Below/Ghost Ship review by The Grim Ringler

Below, Ghost Ship

Two movies enter, one movie leaves. Sadly though it’s been BELOW that has left the theaters in record time, which I credit to Dimension for not knowing the gem they had and for dumping it when they didn’t know how to sell it. Cowards I say, cowards and fools, shaking my fist in the air. It’s movies like BELOW that make Halloween so much fun, whereas it’s movies like GHOST SHIP that have you shaking your head in disbelief at what gets made and how a good movie is able to become so bad.

BELOW is, without a doubt, the best horror film I have seen this year. There, had to get that out of the way. BELOW is the story of an American submarine and its crew during World War II, its crew long out to sea and already under duress after the mysterious loss of their captain. Things only get worse though when they pick up three people that are the only remnants to a ship that has been sunk, and the stress levels increasing dramatically as one of the survivors turns out to be a woman. And suddenly above them lurks a Nazi war ship bearing down on them. But beyond all of that there is something far worse happening on this submarine and to its men, something that wants nothing more than to kill all that are aboard this damned ship. The tension mounts as the submarine is stalked both above the water by the Nazi vessel and below by something hateful but unseen, and quickly the bodies start piling up and the reality of what, or who, it is that is after them is slowly revealed.
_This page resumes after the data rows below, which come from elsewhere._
(* Let $L$ be a lattice with almost permutable congruences. Then $\operatorname{Con}_c L$ satisfies $\mathrm{URP}_1^-$ at every principal congruence $\Theta_L(u,v)$, $u,v\in L$.
   Context: Two congruences $\alpha,\beta$ of a lattice are almost permutable if $\alpha\vee\beta=\alpha\beta\cup\beta\alpha$, where $\alpha\beta=\{(x,y): \exists z,\ (x,z)\in\alpha,\ (z,y)\in\beta\}$; $L$ has almost permutable congruences if any two of its congruences are almost permutable. $\operatorname{Con}_c L$ is the $\{\vee,0\}$-semilattice of compact congruences of $L$, and $\Theta_L(u,v)$ is the least congruence identifying $u,v$. Let $S$ be a join-semilattice, $\varepsilon\in S$, and $\sigma=((\alpha_i,\beta_i))_{i\in I}$ a family in $S\times S$ with $\alpha_i\vee\beta_i=\varepsilon$ for all $i$. $S$ satisfies $\mathrm{URP}_1^-$ at $\sigma$ if there exist a subset $X\subseteq I$, a family $((\alpha_i^*,\beta_i^* ))_{i\in I}$ in $S\times S$ and a family $(\gamma_{i,j})_{(i,j)\in I\times I}$ in $S$ such that: (i) $\alpha_i^*\leq\alpha_i$, $\beta_i^*\leq\beta_i$, $\alpha_i^*\vee\beta_i^*=\varepsilon$ for all $i$; (ii) $\gamma_{i,j}\leq\alpha_i^*$ and $\gamma_{i,j}\leq\beta_j^*$ for all $i,j$; (iii) $\alpha_i^*\leq\alpha_j^*\vee\gamma_{i,j}$ and $\beta_j^*\leq\beta_i^*\vee\gamma_{i,j}$ for all $i,j$; (iv) $\gamma_{i,k}\leq\gamma_{i,j}\vee\gamma_{j,k}$ for all $i,j,k\in I$ such that ($\{i,k\}\subseteq X\Rightarrow j\in X$) and ($\{i,k\}\subseteq I\setminus X\Rightarrow j\in I\setminus X$). $S$ satisfies $\mathrm{URP}_1^-$ at $\varepsilon$ if it satisfies $\mathrm{URP}_1^-$ at every such family $\sigma$ with $\alpha_i\vee\beta_i=\varepsilon$ for all $i$. *)

From HB Require Import structures.
From mathcomp Require Import all_boot all_order.
From Stdlib Require List.
Set Implicit Arguments. Unset Strict Implicit. Unset Printing Implicit Defensive.
Import Order.LTheory.
Local Open Scope order_scope.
Essentially this is a ghost story, a haunted house, set in a sub. What makes it work so well is that the acting and direction are spot on. You give a damn about the people aboard the sub and that makes things all the worse as the secrets the boat holds are revealed. And David Twohy did an amazing job of direction, never revealing too much and never pushing too hard, a thing most directors never get. They think they have to ram the ghosts and ghoulies down your throat to prove they are there when half the time sound effects and shadows do the trick rather well. Twohy (and the wonderful script) creates a solid dread in the film and makes you believe that you are in an actual sub (another hard thing to do, which is as much acting as it is filming). The magic of the movie, for me, really comes together during the very end shots, which serve as sort of a grim echo to all that has come before and serves to close the film in a very fitting tone. If one thing could be said ill of the film is that it does what it does TOO well, in that people obviously don’t really care about haunted subs and a thought-provoking horror film as the film bombed on release. Which is a shame because this was the only real treat we were given at the movies this past Halloween.

The trick came with the release of Ghost Ship, a film that is almost as deceiving as a ghost itself, appearing to be a fun, scary movie creeping out at us from the closet, but that in reality is more of a sheet in the wind. The film follows a kooky ship salvaging crew fresh off their latest job and on the verge of finally going home after an extended stay at sea. But as they are celebrating the end of their job a stranger appears to offer them the chance at salvaging an errant ship he has discovered floating blindly far away from other shipping traffic. Seeing an easy way to make some extra cash, the crew signs on, some reluctantly so, and is quickly off to find their newest floating money sign. Only what they find, dum, dum, dum is no ordinary ship but is in fact an Italian liner that had disappeared without a trace in the sixties, and what our intrepid salvagers have found (or been lead to) is literally a goldmine, but alas at what cost?

My patience, that is the cost. The film is shot very well, is acted as well as films like this are – meaning not that wonderfully but that they get the movie rolling and don’t get in its way – but then the technical aspects aren’t the problem here, the story is. What begins with a very well done fright flick falls apart like so many of these things do and what had been a fun movie becomes a pointless bore and chore for the last half an hour. It’s as if the writers had come up with a great premise but then didn’t know what to do with it, so they concocted some nonsense resolution that is a flat out cheat and essentially pisses on all the good the film had been before. Thus turning a swell time waster into another black mark on the genre.

Both movies have sailed away to the deep waters of life on video and it’s my sincere hope that they get their due – that Ghost Ship sinks under the weight of its own crap, and that Below manages to muster up some sort of word of mouth that will get the props it deserves as one badmofo ghost flick.